Understood. Thanks! I should have known from the past (see below).

>
> You need to figure out why messages are placed on the hold queue.
> One example is when a Milter returns a "quarantine" action. Another
> one is Mailscanner.

I used to use MailScanner until one or two years ago. Yeah, you actually
configure Postfix to put all incoming messages in the hold queue,
MailScanner scans it and puts it actively in the delivery queue.

rspamd doesn't put them to quarantine. If I requeue the message with -r it
is put on hold again very soon. According to man postsuper the requeue
does not subject it to the milter again. But I will take it out of the
equation for now to be sure. It looks to me like I must have disabled any
attempt to deliver to a transport at all.

Kai


Reply | Threaded
Open this post in threaded view
|

Re: transport_maps not taking on

Kai Schaetzl
I went back to my original config with virtual users and domains, with and
without the milter. I left transport and mynetworks as they were. I have
no idea why, but it's working now and I get a bounce from the remote
server (= it's not yet accepting the mail). No more attempts to deliver
locally or put on hold.
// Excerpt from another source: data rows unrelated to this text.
Section Tableau.
Variables (R : realType) (m n : nat) (A : 'M[R]_(m, n)) (b : 'cV[R]_m)
  (sigma : 'I_m -> 'I_n).
Hypothesis sigma_inj : injective sigma.

Local Notation xb := (xbar A b sigma).
Local Notation rb := (rbar A sigma).
Local Notation ab := (abar A sigma).
Local Notation bb := (bbar A b sigma).
Local Notation NN := (Nset sigma).
Local Notation PP := (PB A b sigma).

Lemma Nset_neq j k : NN j -> sigma k != j.
Proof. by move=> Nj; apply/eqP => kj; apply: Nj; exists k. Qed.

Lemma not_Nset j : ~ NN j -> exists k, sigma k = j.
Proof. by move=> /contrapT[k _ kj]; exists k. Qed.

Lemma sum_basic_Nset j (F : 'I_m -> R) : NN j -> \sum_(k | sigma k == j) F k = 0.
Proof. by move=> Nj; rewrite big_pred0 // => k; apply/negbTE/Nset_neq. Qed.

Lemma sum_basic_sigma k0 (F : 'I_m -> R) : \sum_(k | sigma k == sigma k0) F k = F k0.
Proof. by rewrite (big_pred1 k0) // => k /=; apply/eqP/eqP => [/sigma_inj|->]. Qed.

Lemma xbar_Nset j : NN j -> xb j 0 = 0.
Proof. by move=> Nj; rewrite mxE sum_basic_Nset. Qed.

Lemma xbar_sigma k : xb (sigma k) 0 = bb k 0.
Proof. by rewrite mxE sum_basic_sigma. Qed.

Lemma rbar_Nset j l : NN l -> rb j l 0 = (l == j)%:R.
Proof. by move=> Nl; rewrite mxE sum_basic_Nset // subr0. Qed.

Lemma rbar_sigma j k : NN j -> rb j (sigma k) 0 = - ab k j.
Proof. by move=> Nj; rewrite mxE sum_basic_sigma (negbTE (Nset_neq k Nj)) sub0r. Qed.

Lemma sum_Nset_delta (f : 'I_n -> R) j : NN j ->
  \sum_(l < n | l \in NN) f l * (l == j)%:R = f j.
Proof.
move=> Nj; rewrite (bigD1 j) ?in_setE //= eqxx mulr1 big1 ?addr0 //.
by move=> l /andP[_ /negbTE ->]; rewrite mulr0.
Qed.

Definition hom_tableau (d : 'cV[R]_n) :=
  forall k, d (sigma k) 0 = - \sum_(j < n | j \in NN) ab k j * d j 0.

Lemma hom_tableau_rbar_sum d :
  hom_tableau d -> d = \sum_(j < n | j \in NN) d j 0 *: rb j.
Proof.
move=> hd; apply/matrixP => i z; rewrite [z]ord1 summxE.
have [Ni|/not_Nset[k <-]] := pselect (NN i).
  rewrite (eq_bigr (fun j => d j 0 * (j == i)%:R)) ?sum_Nset_delta // => j.
  by rewrite in_setE => Nj; rewrite entryZ rbar_Nset // eq_sym.
rewrite hd -sumrN; apply: eq_bigr => j; rewrite in_setE => Nj.
by rewrite entryZ rbar_sigma // mulrN mulrC.
Qed.

Lemma hom_tableau_support2 d i j : hom_tableau d -> NN i -> NN j -> i != j ->
  (forall l, NN l -> l != i -> l != j -> d l 0 = 0) ->
  d = d i 0 *: rb i + d j 0 *: rb j.
Proof.
move=> hd Ni Nj ij d0; rewrite {1}(hom_tableau_rbar_sum hd).
rewrite (bigD1 i) ?in_setE //= (bigD1 j) /=; last by rewrite eq_sym ij andbT in_setE.
rewrite addrA big1 ?addr0 //.
by move=> l /andP[/andP[Nl li] lj]; rewrite d0 ?scale0r // -in_setE.
Qed.

Lemma xbar_PB : PP xb.
Proof.
split => [k|j Nj]; last by rewrite xbar_Nset.
by rewrite xbar_sigma big1 ?subr0 // => j; rewrite in_setE => Nj; rewrite xbar_Nset ?mulr0.
Qed.

Lemma PB_add_rbar x j l : PP x -> NN j -> 0 <= l -> PP (x + l *: rb j).
Proof.
move=> [x_eq x_ge0] Nj l0; split => [k|i Ni].
  rewrite (eq_bigr (fun i => ab k i * x i 0 + l * (ab k i * (i == j)%:R))); last first.
    by move=> i; rewrite in_setE => Ni; rewrite entryD entryZ rbar_Nset //; ring.
  rewrite entryD entryZ x_eq rbar_sigma // big_split /= -mulr_sumr sum_Nset_delta //.
  ring.
rewrite entryD entryZ rbar_Nset //; apply: addr_ge0; first exact: x_ge0.
by apply: mulr_ge0 => //; case: (i == j).
Qed.

Lemma recc_PB_ge0 d j : recc PP d -> NN j -> 0 <= d j 0.
Proof.
move=> /(_ xb xbar_PB 1 ler01)[_ h] Nj.
by have := h j Nj; rewrite entryD xbar_Nset // scale1r add0r.
Qed.

Lemma recc_PB_hom d : recc PP d -> hom_tableau d.
Proof.
move=> /(_ xb xbar_PB 1 ler01)[h _] k; apply: (addrI (bb k 0)).
move: (h k); rewrite entryD xbar_sigma scale1r => ->; congr (_ - _).
by apply: eq_bigr => j; rewrite in_setE => Nj; rewrite entryD xbar_Nset // add0r.
Qed.

Lemma PB_decomp x : PP x -> x = xb + \sum_(j < n | j \in NN) x j 0 *: rb j.
Proof.
move=> [x_eq _].
have hx : hom_tableau (x - xb).
  move=> k; rewrite entryD entryN xbar_sigma x_eq addrAC subrr add0r; congr (- _).
  by apply: eq_bigr => j; rewrite in_setE => Nj; rewrite entryD entryN xbar_Nset // subr0.
rewrite -[x in LHS](subrK xb) addrC (hom_tableau_rbar_sum hx); congr (_ + _).
by apply: eq_bigr => j; rewrite in_setE => Nj; rewrite entryD entryN xbar_Nset // subr0.
Qed.

Lemma PB_convex : convex_set_cv PP.
Proof.
move=> x y [x_eq x_ge0] [y_eq y_ge0] t t0 t1; split => [k|j Nj].
  have -> : \sum_(j < n | j \in NN) ab k j * (t *: x + (1 - t) *: y) j 0 =
      t * \sum_(j < n | j \in NN) ab k j * x j 0
      + (1 - t) * \sum_(j < n | j \in NN) ab k j * y j 0.
    by rewrite !mulr_sumr -big_split; apply: eq_bigr => j _; rewrite entryD !entryZ /=; ring.
  by rewrite entryD !entryZ x_eq y_eq; ring.
rewrite entryD !entryZ; apply: addr_ge0; apply: mulr_ge0;
  [done|exact: x_ge0|lra|exact: y_ge0].
Qed.

Lemma PB_closed : closed PP.
Proof.
have -> : PP =
    \bigcap_k ((fun x : 'cV[R]_n =>
                  x (sigma k) 0 + \sum_(j < n | j \in NN) ab k j * x j 0)
                 @^-1` [set r | r = bb k 0])
    `&` \bigcap_(j in NN) ((fun x : 'cV[R]_n => x j 0) @^-1` [set r | 0 <= r]).
  apply/seteqP; split => [x [x_eq x_ge0]|x [/= x_eq x_ge0]]; split => //=.
  - by move=> k _ /=; rewrite x_eq subrK.
  - by move=> k; rewrite -(x_eq k I) addrK.
apply: closedI; apply: closed_bigI => i _.
- by apply: preimage_closed => [x _|]; [apply: coord_lin_continuous|apply: closed_eq].
- by apply: preimage_closed => [x _|]; [apply: coord_continuous|apply: closed_ge].
Qed.

Variables (C : set 'cV[R]_n) (D : set 'I_n).
Hypothesis reccC_PB : recc C `<=` recc PP.
Hypothesis D_N12 : D `<=` N1 A b sigma C `|` N2 A b sigma C.

Local Notation al := (alpha A b sigma C).
Local Notation G := (G_DC A b sigma C D).
Local Notation rays :=
  (\bigcup_(j in D) [set l *: rb j | l in [set l : R | (al j < l%:E)%E]]).

Lemma alpha_pos_fin j : D j -> [/\ NN j, 0 < fine (al j) & al j = (fine (al j))%:E].
Proof.
by move=> /D_N12[|] [Nj [a0 [aoo _]]]; split;
  rewrite // ?fine_gt0 ?a0 ?aoo // fineK // gt0_fin_numE.
Qed.

Lemma conv_rays_coord q : conv_hull rays q ->
  [/\ forall l, NN l -> 0 <= q l 0, forall l, NN l -> ~ D l -> q l 0 = 0
    & exists l, [/\ NN l, D l & 0 < q l 0]].
Proof.
move: q; apply: conv_hull_min => [x y [x_ge0 x_offD [l [Nl Dl xl]]]
  [y_ge0 y_offD [l' [Nl' Dl' yl]]] t t0 t1|].
  split => [k Nk|k Nk nDk|].
  - by rewrite entryD !entryZ addr_ge0 // mulr_ge0 ?x_ge0 ?y_ge0 // subr_ge0.
  - by rewrite entryD !entryZ x_offD // y_offD // !mulr0 addr0.
  move: t0; rewrite le0r => /predU1P[->|t0].
    by exists l'; split; rewrite // entryD !entryZ mul0r add0r subr0 mul1r.
  exists l; split; rewrite // entryD !entryZ ltr_pwDl ?mulr_gt0 //.
  by rewrite mulr_ge0 ?y_ge0 // subr_ge0.
move=> _ [j Dj [mu al_mu <-]].
have [Nj a0 aE] := alpha_pos_fin Dj.
have mu0 : 0 < mu by move: al_mu; rewrite /= aE lte_fin; apply: lt_trans.
split => [k Nk|k Nk nDk|].
- by rewrite entryZ rbar_Nset // mulr_ge0 ?ler0n ?ltW.
- by rewrite entryZ rbar_Nset //; case: eqP => [kj|]; [rewrite kj in nDk|rewrite mulr0].
- by exists j; split; rewrite // entryZ rbar_Nset // eqxx mulr1.
Qed.

Lemma recc_G_DC_rbar i : D i -> recc G (rb i).
Proof.
move=> Di; have [_ a0 aE] := alpha_pos_fin Di.
apply: recc_msuml; apply: recc_msumr.
apply: (@recc_conv_hull_ray _ _ _ _ (fine (al i)))
  => [|_ t [j Dj [mu al_mu <-]] t1|l al_l].
- exact: ltW.
- exists j => //; exists (t * mu); last by rewrite scalerA.
  have [_ aj0 ajE] := alpha_pos_fin Dj.
  move: al_mu; rewrite /= ajE !lte_fin => al_mu.
  by rewrite (lt_le_trans al_mu) // ler_peMl // ltW // (lt_trans aj0).
- by exists i => //; exists l; rewrite //= aE lte_fin.
Qed.

Lemma recc_C_G_DC : recc C `<=` recc G.
Proof. by move=> d /recc_recc; apply: recc_msumr. Qed.

Lemma G_DC_pos_coord z : G z -> exists l, [/\ NN l, D l & 0 < z l 0].
Proof.
move=> [_ [[_ [-> [q [q_conv ->]]]] [k [Ck ->]]]].
have [_ _ [l [Nl Dl ql]]] := conv_rays_coord q_conv.
exists l; split; rewrite // !entryD xbar_Nset // add0r ltr_pwDl //.
exact: recc_PB_ge0 (reccC_PB Ck) Nl.
Qed.

(* Writing the point as xbar + q + k, the coordinates force k = t r^i + c r^j,
   so (alpha_i / (t + alpha_i)) (k + alpha_i r^i) = alpha_i r^i + g r^j is a
   recession direction of G_D^C with g > 0. *)
Lemma G_DC_gamma_gt0 i j a c : D i -> NN j -> ~ D j -> 0 <= a -> 0 < c ->
  G (xb + a *: rb i + c *: rb j) -> (0 < gamma A b sigma C D i j)%E.
Proof.
move=> Di Nj nDj a0 c0 [_ [[_ [-> [q [q_conv ->]]]] [k [Ck E]]]].
have [Ni ai0 _] := alpha_pos_fin Di.
have [q_ge0 q_offD _] := conv_rays_coord q_conv.
have k_ge0 := recc_PB_ge0 (reccC_PB Ck).
have ij : i != j by apply: contra_notN nDj => /eqP <-.
have coord l : NN l -> a * (l == i)%:R + c * (l == j)%:R = q l 0 + k l 0.
  move=> Nl; have := congr1 (fun v : 'cV[R]_n => v l 0) E.
  by rewrite /= !entryD !entryZ !rbar_Nset // xbar_Nset // !add0r.
have kE : k = k i 0 *: rb i + c *: rb j.
  have kj : k j 0 = c.
    by have := coord j Nj; rewrite eqxx eq_sym (negbTE ij) q_offD // mulr0 mulr1 !add0r.
  rewrite -kj; apply: hom_tableau_support2 (recc_PB_hom (reccC_PB Ck)) Ni Nj ij _.
  move=> l Nl /negbTE li /negbTE lj; have := coord l Nl; rewrite li lj !mulr0 addr0.
  by have := q_ge0 l Nl; have := k_ge0 l Nl; lra.
move: (k i 0) (k_ge0 i Ni) kE => t t0 kE.
set ai := fine (al i).
have tai : 0 < t + ai := ltr_wpDl t0 ai0.
pose g := ai / (t + ai) * c.
have g0 : 0 < g by rewrite mulr_gt0 // divr_gt0.
have recc_g : recc G (ai *: rb i + g *: rb j).
  have -> : ai *: rb i + g *: rb j = (ai / (t + ai)) *: (k + ai *: rb i).
    rewrite kE !scalerDr !scalerA addrAC -scalerDl; congr (_ *: _ + _).
    by field; rewrite gt_eqF.
  apply: reccZ; first by rewrite ltW // divr_gt0.
  apply: reccD; first exact: recc_C_G_DC.
  by apply: reccZ (recc_G_DC_rbar Di); rewrite ltW.
apply: (@lt_le_trans _ _ g%:E); first by rewrite lte_fin.
by apply: ereal_sup_ubound; exists g => //; split; first exact: ltW.
Qed.

Variable phi : 'I_n -> 'I_n.
Hypothesis phi_gamma : forall i, D i ->
  [/\ NN (phi i), ~ D (phi i) & ~ (0 < gamma A b sigma C D i (phi i))%E].

Lemma xbar_PB_not_G_DC : (PP `\` G) xb.
Proof.
split; first exact: xbar_PB.
by move=> /G_DC_pos_coord[l [Nl _]]; rewrite xbar_Nset // ltxx.
Qed.

Lemma ray_PB_not_G_DC j l s : NN j -> 0 <= l -> 0 < s ->
  (PP `\` G) (xb + l *: rb j + (s * (j \in D)%:R) *: rb (phi j)).
Proof.
move=> Nj l0 s0; have PBj := PB_add_rbar xbar_PB Nj l0.
have [jD|jD] := boolP (j \in D).
  have Dj : D j by rewrite -in_setE.
  have [Nphi nDphi not_gamma] := phi_gamma Dj.
  rewrite mulr1; split; first exact: PB_add_rbar PBj Nphi (ltW s0).
  by move/(G_DC_gamma_gt0 Dj Nphi nDphi l0 s0).
rewrite mulr0 scale0r addr0; split => // /G_DC_pos_coord[i [Ni Di]].
rewrite entryD entryZ xbar_Nset // rbar_Nset // add0r.
have -> : (i == j) = false by apply: contraNF jD => /eqP <-; rewrite in_setE.
by rewrite mulr0 ltxx.
Qed.

Lemma PB_sub_closure_conv : PP `<=` closure (conv_hull (PP `\` G)).
Proof.
move=> x Px.
pose c j := if j \in NN then x j 0 else 0.
pose e j := if j \in NN then (j \in D)%:R else 0 : R.
apply: (@closure_shift _ _ _ _ (n.+1%:R^-1 *: \sum_j e j *: rb (phi j))) => s s0.
have x_decomp : x = xb + \sum_j c j *: rb j.
  rewrite {1}(PB_decomp Px) big_mkcond /=; congr (_ + _).
  by apply: eq_bigr => j _; rewrite /c; case: ifP; rewrite ?scale0r.
rewrite {1}x_decomp -mean_translates -[n in n.+1%:R^-1]size_enum_ord.
apply: (convex_set_avg
    (y := fun j => xb + n.+1%:R *: (c j *: rb j) + s *: (e j *: rb (phi j))))
  => [||j]; [exact: conv_hull_convex|exact: sub_conv_hull xbar_PB_not_G_DC|].
apply: sub_conv_hull; rewrite !scalerA /c /e.
have [Nj|_] := boolP (j \in NN); last first.
  by rewrite !mulr0 !scale0r !addr0; apply: xbar_PB_not_G_DC.
rewrite in_setE in Nj; apply: ray_PB_not_G_DC => //.
by rewrite mulr_ge0 //; apply: Px.2.
Qed.

End Tableau.

Theorem proposition4 (R : realType) (m n : nat) (A : 'M[R]_(m, n)) (b : 'cV[R]_m)
  (sigma : 'I_m -> 'I_n) (C : set 'cV[R]_n) (D : set 'I_n) :
  \rank A = m ->
  feasible_basis A b sigma ->
  open C -> convex_set_cv C ->
  ~ closure C (xbar A b sigma) ->
  recc C `<=` recc (PB A b sigma) ->
  D `<=` N1 A b sigma C `|` N2 A b sigma C ->
  M_D A b sigma C D = set0 ->
  closure (conv_hull (PB A b sigma `\` G_DC A b sigma C D)) = PB A b sigma.
Proof.
move=> _ [[sigma_inj _] _] _ _ _ reccC_PB D_N12 M_D0.
have /choice[phi phi_gamma] : forall i, exists j, D i ->
    [/\ Nset sigma j, ~ D j & ~ (0 < gamma A b sigma C D i j)%E].
  move=> i.
  have [Di|nDi] := pselect (D i); last by exists i.
  have : ~ M_D A b sigma C D i by rewrite M_D0.
  move=> /not_andP[//|/existsNP[j /not_implyP[Nj /not_implyP[nDj not_gamma]]]].
  by exists j.
apply/seteqP; split; last exact: PB_sub_closure_conv phi_gamma.
apply: subset_trans (@PB_closed _ _ _ A b sigma); apply: closureS.
by apply: conv_hull_min => [|x []]; first exact: PB_convex.
Qed.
I hope it remains that way.
Thanks for the help!

Kai


Reply | Threaded
Open this post in threaded view
|

Re: transport_maps not taking on

Kai Schaetzl
I have still one question, though.

I fear that forwarding the mail via transport may not consult the milter.
At the moment the remote Exchange is still not configured to accept the
domain. I'm still waiting for that to take place.
In the meantime, though, I would have expected that the course of action
is the following:
- postfix accepts the mail to this domain
- applies the restrictions
- once the mail has successfully passed the restrictions
- it delivers to the transport-specified destination

But in this case I should see a connection to and validation by the milter
before postfix tells me that the remote Exchange won't accept it.
And it doesn't do that.
Or does it first check if it would be able to deliver to the destination
before it applies the other restrictions?

The rspamd milter is set to get consulted at the end of

smtpd_recipient_restrictions =
..
..
check_policy_service inet:127.0.0.1:10024,
permit

and: smtpd_delay_reject = yes

Will this check the milter before the message is sent over to the
transport-specified nexthop?

Thanks for a clarification!

Kai


Reply | Threaded
Open this post in threaded view
|

Re: transport_maps not taking on

Noel Jones-2
On 8/8/2019 10:41 AM, Kai Schaetzl wrote:

> I have still one question, though.
>
> I fear that forwarding the mail via transport may not consult the milter.
> At the moment the remote Exchange is still not configured to accept the
> domain. I'm still waiting for that to take place.
> In the meantime, though, I would have expected that the course of action
> is the following:
> - postfix accepts the mail to this domain
> - applies the restrictions
> - once the mail has successfully passed the restrictions
> - it delivers to the transport-specified destination
>
> But in this case I should see a connection to and validation by the milter
> before postfix tells me that the remote Exchange won't accept it.
> And it doesn't do that.
> Or does it first check if it would be able to deliver to the destination
> before it applies the other restrictions?
>
> The rspamd milter is set to get consulted at the end of
>
> smtpd_recipient_restrictions =
> ..
> ..
> check_policy_service inet:127.0.0.1:10024,
> permit
>
> and: smtpd_delay_reject = yes
>
> Will this check the milter before the message is sent over to the
> transport-specified nexthop?
>
> Thanks for a clarification!
>
> Kai
>
>


That looks like a policy service and not a milter.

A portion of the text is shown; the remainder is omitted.